Good and rarely expressed point! You caught my interest, and I symphatise with some interesting fragments in your your paper from post 63, so I will try to read it. I might not be aware of your previous papers although your name seems familiar, but I might mixed it up with a math teacher i had in an ODE class, he worked on mathematical physics as well but it must be someone else... The non-commutative way to codign things is a key, but i will read your paper before rambling. If I have any comments, i might start a separate thread.

/Fredrik

 

[physika]

Concerning the original post, "Nature Physics on quantum foundations", I was annoyed enough by that editorial that I wrote to nature physics that I felt they don't understand the foundations of QM literature at all if they could begin with "Quantum physics is weird".

Peter Shor:

“Quantum mechanics is really strange, and I don’t think there’s ever going to be any easy way of understanding it"

...

 

[vanhees71]

It's only strange if you don't accept that Nature behaves differently to our intuition, trained by being immersed in a "classical macroscopic world". In fact it's a very successful description of all (known) matter from the elementary building blocks (as far as we know them), quarks and leptons, gauge bosons, and the Higgs boson, via hadrons, atomic nuclei, atoms, molecules, and condensed matter.
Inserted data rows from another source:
(* In the logic $\mathsf{LC}$ (intuitionistic propositional logic extended with $(p\to q)\vee(q\to p)$, algebraized by Gödel algebras), the Takeuti–Titani (density) $\Pi_2$-rule $$\frac{\forall r\,\big(g\to((p\to r)\vee(r\to q)\vee c)\big)}{g\to((p\to q)\vee c)}$$ is admissible. Moreover, the uniform post-interpolant of $g\to((p\to r)\vee(r\to q)\vee c)$ with respect to $r$ (i.e. the formula $\forall_r$ of it, a formula in $g,p,q,c$ that is the strongest consequence-free-of-$r$ from below: for any $\Sigma$ not containing $r$, $\Sigma\vdash$ the formula iff $\Sigma\vdash$ the interpolant) is equivalent in $\mathsf{LC}$ to $g\to((p\to q)\vee c)$.
   Context: A $\Pi_2$-rule $\forall\overline p\,\Gamma/^2\phi$ (with $\phi$ not containing $\overline p$) is admissible over a logic $\vdash$ iff for every substitution $\sigma$ which fixes each variable of $\overline p$ and maps every other variable to a formula not containing variables of $\overline p$, $\vdash\sigma(\Gamma)$ implies $\vdash\sigma(\phi)$. Here $g,p,q,c,r$ are distinct propositional variables. *)

From Stdlib Require Import List.

Inductive form : Type :=
| Var : nat -> form
| Bot : form
| And : form -> form -> form
| Or  : form -> form -> form
| Imp : form -> form -> form.

Fixpoint occurs (x : nat) (a : form) : Prop :=
  match a with
  | Var y => x = y
  | Bot => False
  | And a b | Or a b | Imp a b => occurs x a \/ occurs x b
  end.

Fixpoint subst (s : nat -> form) (a : form) : form :=
  match a with
  | Var y => s y
  | Bot => Bot
  | And a b => And (subst s a) (subst s b)
  | Or a b => Or (subst s a) (subst s b)
  | Imp a b => Imp (subst s a) (subst s b)
  end.

(* Hilbert-style axiomatization of LC = IPC + (a -> b) \/ (b -> a),
   given by axiom schemes (hence closed under substitution) and modus ponens. *)
Inductive LC_axiom : form -> Prop :=
| ax_K  a b   : LC_axiom (Imp a (Imp b a))
| ax_S  a b c : LC_axiom (Imp (Imp a (Imp b c)) (Imp (Imp a b) (Imp a c)))
| ax_A1 a b   : LC_axiom (Imp (And a b) a)
| ax_A2 a b   : LC_axiom (Imp (And a b) b)
| ax_AI a b   : LC_axiom (Imp a (Imp b (And a b)))
| ax_O1 a b   : LC_axiom (Imp a (Or a b))
| ax_O2 a b   : LC_axiom (Imp b (Or a b))
| ax_OE a b c : LC_axiom (Imp (Imp a c) (Imp (Imp b c) (Imp (Or a b) c)))
| ax_EFQ a    : LC_axiom (Imp Bot a)
| ax_LIN a b  : LC_axiom (Or (Imp a b) (Imp b a)).

Inductive LC_der (Gamma : form -> Prop) : form -> Prop :=
| der_hyp a : Gamma a -> LC_der Gamma a
| der_ax a : LC_axiom a -> LC_der Gamma a
| der_mp a b : LC_der Gamma (Imp a b) -> LC_der Gamma a -> LC_der Gamma b.

Definition LC_thm (a : form) : Prop := LC_der (fun _ => False) a.

Definition TT_premise (g p q c r : nat) : form :=
  Imp (Var g) (Or (Or (Imp (Var p) (Var r)) (Imp (Var r) (Var q))) (Var c)).

Definition TT_conclusion (g p q c : nat) : form :=
  Imp (Var g) (Or (Imp (Var p) (Var q)) (Var c)).

Definition Pi2_admissible (r : nat) (premise concl : form) : Prop :=
  forall s : nat -> form,
    s r = Var r ->
    (forall x, x <> r -> ~ occurs r (s x)) ->
    LC_thm (subst s premise) -> LC_thm (subst s concl).

Definition uniform_post_interpolant (r : nat) (phi psi : form) : Prop :=
  ~ occurs r psi /\
  forall Sigma : form -> Prop,
    (forall s, Sigma s -> ~ occurs r s) ->
    (LC_der Sigma phi <-> LC_der Sigma psi).

(* LC is strongly complete for valuations in Goedel chains (bounded linear
   orders with [a -> b = 1] if [a <= b] and [= b] otherwise).  So suppose a
   valuation refutes [g -> ((p -> q) \/ c)], i.e. [g > max (p -> q, c)].  Then
   [q < 1] and [p > q] (otherwise [p -> q = 1]).  Insert a new point [r]
   immediately above the principal downset of [q]: then [p -> r = r],
   [r -> q = q] and [r < g], so the premise is refuted as well, while every
   [r]-free formula keeps its value.  Conversely [p -> q] entails
   [(p -> r) \/ (r -> q)]: by linearity either [p -> r], or [r -> p] and then
   [r -> q]. *)

From Stdlib Require Import Classical ClassicalEpsilon Arith Lia Cantor.

Definition extend (G : form -> Prop) (a : form) : form -> Prop :=
  fun x => G x \/ x = a.

Lemma LC_der_mono G D a : LC_der G a -> (forall x, G x -> D x) -> LC_der D a.
Proof.
  induction 1; intros GD.
  - apply der_hyp; auto.
  - apply der_ax; auto.
  - eapply der_mp; eauto.
Qed.

Lemma der_imp_refl G a : LC_der G (Imp a a).
Proof.
  eapply der_mp; [eapply der_mp|].
  - apply der_ax, (ax_S a (Imp a a) a).
  - apply der_ax, ax_K.
  - apply der_ax, (ax_K a a).
Qed.

Lemma LC_deduction G a b : LC_der (extend G a) b -> LC_der G (Imp a b).
Proof.
  induction 1 as [x [Gx| ->]|x Ax|x y _ IHxy _ IHx].
  - eapply der_mp; [apply der_ax, ax_K|apply der_hyp; auto].
  - apply der_imp_refl.
  - eapply der_mp; [apply der_ax, ax_K|apply der_ax; auto].
  - eapply der_mp; [eapply der_mp; [apply der_ax, ax_S|exact IHxy]|exact IHx].
Qed.
Lemma finite_type_idem M : Fbar D M ->
  finite_type D star (finite_type D star M) `<=` finite_type D star M.
Proof.
move=> hM x [G [fG [GM Gx]]]; have [_ [s Gs]] := fG.
have [H [fH HM sH]] : exists H, [/\ fg D H, H `<=` M & forall y, y \in s -> star H y].
  by apply: finite_type_directed => // y ys; apply: GM; rewrite Gs; exact: (span_mem hD).
have GH : G `<=` star H by rewrite Gs; exact: (span_sub hD (semistar_Fbar fH.1).1 sH).
exists H; split => //; split => //.
by rewrite -(semistar_idem fH.1); exact: semistar_mono fG.1 (semistar_Fbar fH.1) GH _ Gx.
Qed.

Lemma finite_type_scale a M x : a != 0 ->
  finite_type D star M x -> finite_type D star (scale_set a M) (a * x).
Proof.
move=> a0 [G [fG [GM Gx]]]; exists (scale_set a G); split; first exact: fg_scale.
split; first by move=> y [e [Ge ->]]; exists e; split => //; exact: GM.
by rewrite semistar_scale //; [exists x|exact: fG.1].
Qed.

Definition star_f_proper (I : set K) := ideal D I /\ ~ finite_type D star I 1.

Lemma star_f_proper_bigcup (F : set (set K)) : F !=set0 -> F `<=` star_f_proper ->
  total_on F subset -> star_f_proper (\bigcup_(X in F) X).
Proof.
move=> F0 FP Ftot; have in_one := bigcup_chain_seq F0 Ftot.
split; [split; [|split; [|split]]|].
- by move=> x [X FX Xx]; exact: (FP X FX).1.1.
- by have [X FX] := F0; exists X => //; case: (FP X FX).1.2.
- move=> x y Ux Uy; have [z|X FX Xxy] := in_one [:: x; y].
    by rewrite !inE => /orP[] /eqP ->.
  by exists X => //; apply: (FP X FX).1.2.2.1; apply: Xxy; rewrite !inE eqxx ?orbT.
- by move=> r x Dr [X FX Xx]; exists X => //; exact: (FP X FX).1.2.2.2.
- move=> [G [fG [GU G1]]]; have [_ [s Gs]] := fG.
  have [x xs|X FX sX] := in_one s; first by apply: GU; rewrite Gs; exact: (span_mem hD).
  apply: (FP X FX).2; exists G; split => //; split => //.
  by rewrite Gs; exact: (span_sub hD (FP X FX).1.2 sX).
Qed.

Section Maximal.
Variable M : set K.
Hypotheses (hM : star_f_proper M) (Mnz : nonzero M)
  (Mmax : forall Q, star_f_proper Q -> M `<=` Q -> Q `<=` M).

Let hMF : Fbar D M := conj hM.1.2 Mnz.

Lemma maximal_star_f_closed : finite_type D star M `&` D = M.
Proof.
have Mext : M `<=` finite_type D star M `&` D.
  by move=> m Mm; split; [exact: finite_type_ext|exact: hM.1.1].
apply/seteqP; split => //; apply: Mmax => //; split.
  split; first exact: subIsetr.
  exact: submodule_setI (finite_type_submod hMF) (Fbar_self hD).1.
by move=> /(finite_type_mono (@subIsetl _ _ _)) /(finite_type_idem hMF); exact: hM.2.
Qed.

Lemma maximal_prime : prime_ideal D M.
Proof.
have [MD [M0 [MA MM]]] := hM.1.
split; first exact: hM.1.
split; first by move=> /(finite_type_ext hMF); exact: hM.2.
move=> a b Da Db Mab; apply: contrapT => /not_orP [nMa nMb].
pose Q := [set d | D d /\ M (d * a)].
have hQ : ideal D Q.
  split; first by move=> d [].
  split; first by split; [exact: subring0|rewrite mul0r].
  split; first by move=> x y [Dx Mx] [Dy My]; split; [exact: subringD|rewrite mulrDl; exact: MA].
  by move=> r x Dr [Dx Mx]; split; [exact: subringM|rewrite -mulrA; exact: MM].
have MQ : M `<=` Q by move=> d Md; split; [exact: MD|rewrite mulrC; exact: MM].
(* [Q] strictly contains [M] (it contains [b]), so maximality forces [1 \in Q^{star_f}]. *)
have Q1 : finite_type D star Q 1.
  apply: contrapT => nQ1; apply: nMb; apply: (Mmax (conj hQ nQ1) MQ).
  by split; last rewrite mulrC.
have a0 : a != 0 by apply: contraPneq nMa => ->.
apply: nMa; rewrite -maximal_star_f_closed; split => //.
have := finite_type_scale a0 Q1; rewrite mulr1; apply: finite_type_mono.
by move=> y [d [[_ Mda] ->]]; rewrite mulrC.
Qed.

End Maximal.

Lemma quasi_prime_above J : star_f_proper J -> nonzero J ->
  exists2 P, quasi_prime D (finite_type D star) P & J `<=` P.
Proof.
move=> hJ [z [Jz z0]].
have [M [hM JM Mmax]] := Zorn_bigcup_above hJ star_f_proper_bigcup.
have Mnz : nonzero M by exists z; split => //; exact: JM.
exists M => //; split; first exact: maximal_prime.
by split; [exact: hM.1|split; [exact: Mnz|exact: maximal_star_f_closed]].
Qed.

Lemma quasi_prime_not_sub P F : quasi_prime D (finite_type D star) P ->
  fg D F -> F `<=` D -> star F = star D -> exists2 f, F f & ~ P f.
Proof.
move=> [[_ [nP1 _]] [_ [_ Pq]]] fF FD sFD; apply: contrapT => nFP.
apply: nP1; rewrite -Pq; split; last exact: subring1.
exists F; split => //; split.
  by move=> f Ff; apply: contrapT => nPf; apply: nFP; exists f.
by rewrite sFD; apply: (semistar_ext (Fbar_self hD)); exact: subring1.
Qed.

End Semistar.

Section TOperation.
Variables (K : fieldType) (T : set K).
Hypothesis hT : subring T.

Lemma t_op_sub E : E `<=` T -> t_op T E `<=` T.
Proof.
move=> ET x [F [_ [FE Fx]]]; rewrite -[x]mulr1; apply: Fx => e Fe.
by rewrite mul1r; exact: ET (FE e Fe).
Qed.

Lemma sub_t_op E G : fg T G -> G `<=` E -> colon T G `<=` T -> T `<=` t_op T E.
Proof.
move=> fG GE GT x Tx; exists G; split => //; split => // y /GT Ty.
exact: subringM.
Qed.

Lemma t_op_self : t_op T T = T.
Proof.
have one : (1 : K) \in [:: 1] by rewrite mem_head.
apply/seteqP; split; first exact: t_op_sub.
apply: (sub_t_op (fg_span_mem hT one (oner_neq0 K))).
  by apply: (span_sub hT (Fbar_self hT).1) => x; rewrite inE => /eqP ->; exact: subring1.
by move=> y /(_ 1 (span_mem hT one)); rewrite mulr1.
Qed.

End TOperation.

Section Overring.
Variables (K : fieldType) (D T : set K) (star : set K -> set K).
Hypotheses (hD : subring D) (hs : semistar D star) (hT : subring T) (DT : D `<=` T).

Section Localization.
Variable P : set K.
Hypothesis hP : prime_ideal D P.

Lemma loc_denom_neq0 s : ~ P s -> s != 0.
Proof. by move=> nPs; apply/eqP => s0; apply: nPs; rewrite s0; case: hP => [[_ []]]. Qed.

Lemma sub_loc : T `<=` loc T D P.
Proof.
move=> t Tt; exists t, 1; rewrite divr1; split => //; split; first exact: subring1.
by split; [case: hP => _ []|].
Qed.

Lemma prod_mod_loc : prod_mod (loc T D P) T `<=` loc T D P.
Proof.
have [_ [_ Pp]] := hP.
apply: prod_mod_sub; first by apply: sub_loc; exact: subring0.
  move=> _ _ [t [s [Tt [Ds [nPs ->]]]]] [t' [s' [Tt' [Ds' [nPs' ->]]]]].
  exists (t * s' + t' * s), (s * s'); split.
    by apply: subringD => //; apply: subringM => //; exact: DT.
  split; first exact: subringM.
  split; first by case/Pp.
  by field; rewrite !loc_denom_neq0.
move=> _ e [t [s [Tt [Ds [nPs ->]]]]] Te; exists (t * e), s; split; first exact: subringM.
by rewrite mulrAC.
Qed.

End Localization.

Lemma ell_ext : T `<=` ell D star T T.
Proof.
by move=> y Ty P [hP _]; apply: prod_mod_unit; [exact: sub_loc|exact: subring1].
Qed.

Lemma t_linked_of_ell : ell D star T T = T -> t_linked D star T.
Proof.
move=> ellT F fF FD sFD; rewrite t_op_self //.
have [[[F0 _] [z [Fz z0]]] [s Fs]] := fF.
have FG : F `<=` span T s by rewrite Fs; exact: span_mono.
have GFT : span T s `<=` prod_mod T F.
  by apply: span_sub_prod_mod => // x xs; rewrite Fs; exact: (span_mem hD).
have fG : fg T (span T s) by apply: fg_span => //; exists z; split => //; exact: FG.
apply/seteqP; split.
  apply: t_op_sub => //; apply: prod_mod_sub; [exact: subring0|exact: subringD|].
  by move=> a e Ta Fe; apply: subringM => //; apply: DT; exact: FD.
apply: (sub_t_op hT fG GFT) => y yG; rewrite -ellT => P hP.
have [f Ff nPf] := quasi_prime_not_sub hD hs hP fF FD sFD.
apply: prod_mod_unit; last exact: subring1.
exists (y * f), f; split; first exact: yG (FG f Ff).
split; first exact: FD.
by split; [|rewrite mulfK // (loc_denom_neq0 hP.1)].
Qed.

Definition conductor (x : K) := [set d | D d /\ T (d * x)].

Lemma conductor_ideal x : ideal D (conductor x).
Proof.
split; first by move=> d [].
split; first by split; [exact: subring0|rewrite mul0r; exact: subring0].
split.
  by move=> d d' [Dd Td] [Dd' Td']; split; [exact: subringD|rewrite mulrDl; exact: subringD].
by move=> r d Dr [Dd Td]; split; [exact: subringM|rewrite -mulrA; apply: subringM => //; exact: DT].
Qed.

Lemma conductor_nonzero x : quotient_field_of D -> nonzero (conductor x).
Proof.
move=> qf; have [a [b [Da [Db [b0 ->]]]]] := qf x.
by exists b; split => //; split => //; rewrite mulrC divfK //; exact: DT.
Qed.

Lemma loc_conductor P x : prime_ideal D P -> loc T D P x -> exists2 s, conductor x s & ~ P s.
Proof.
move=> hP [t [s [Tt [Ds [nPs ->]]]]]; exists s => //; split => //.
by rewrite mulrC divfK // (loc_denom_neq0 hP).
Qed.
The big enigma is, of course, a satisfactory quantum description of the gravitational interaction.

 

[martinbn]

It's only strange if you don't accept that Nature behaves differently to our intuition, trained by being immersed in a "classical macroscopic world". In fact it's a very successful description of all (known) matter from the elementary building blocks (as far as we know them), quarks and leptons, gauge bosons, and the Higgs boson, via hadrons, atomic nuclei, atoms, molecules, and condensed matter.

The big enigma is, of course, a satisfactory quantum description of the gravitational interaction.

There is something more to it though. Relativity is also different to our intuition, but far less physicists complain about it or work on the foundations/interpretations of it.

 

[vanhees71]

I think the reason is that classical (i.e., non-quantum) physics can be formulated relativistically too, and there is no indeterminism in it. The main quibble of QT for the older generation of physicists was that one has to give up determinism, while a change of the space-time model seemed not that revolutionary for physicists. On the other hand for some philosophers relativity (particularly the new notion of time, relativity of simultaneity, etc.) was as inacceptable as the indeterminism of for some of the physicists. That's the reason, why Einstein explicitly did not get the Nobel prize for relativity, because for the Nobel committee the quibbles of some philosophers with the relativistic notion of time (particularly Bergson) were too severe to give a Nobel prize for such a "weird theory of time". Rather they quoted Einstein's work on the photoelectric effect, i.e., "old quantum theory" as the prize-worthy work, which is ironic since this is the only one of the famous three topics of Einstein's miracle year 1905, which is not up to date anymore (not to mention that Einstein's greatest work for sure is his general relativity theory).

 

[Lord Jestocost]

I think the reason is that classical (i.e., non-quantum) physics can be formulated relativistically too, and there is no indeterminism in it.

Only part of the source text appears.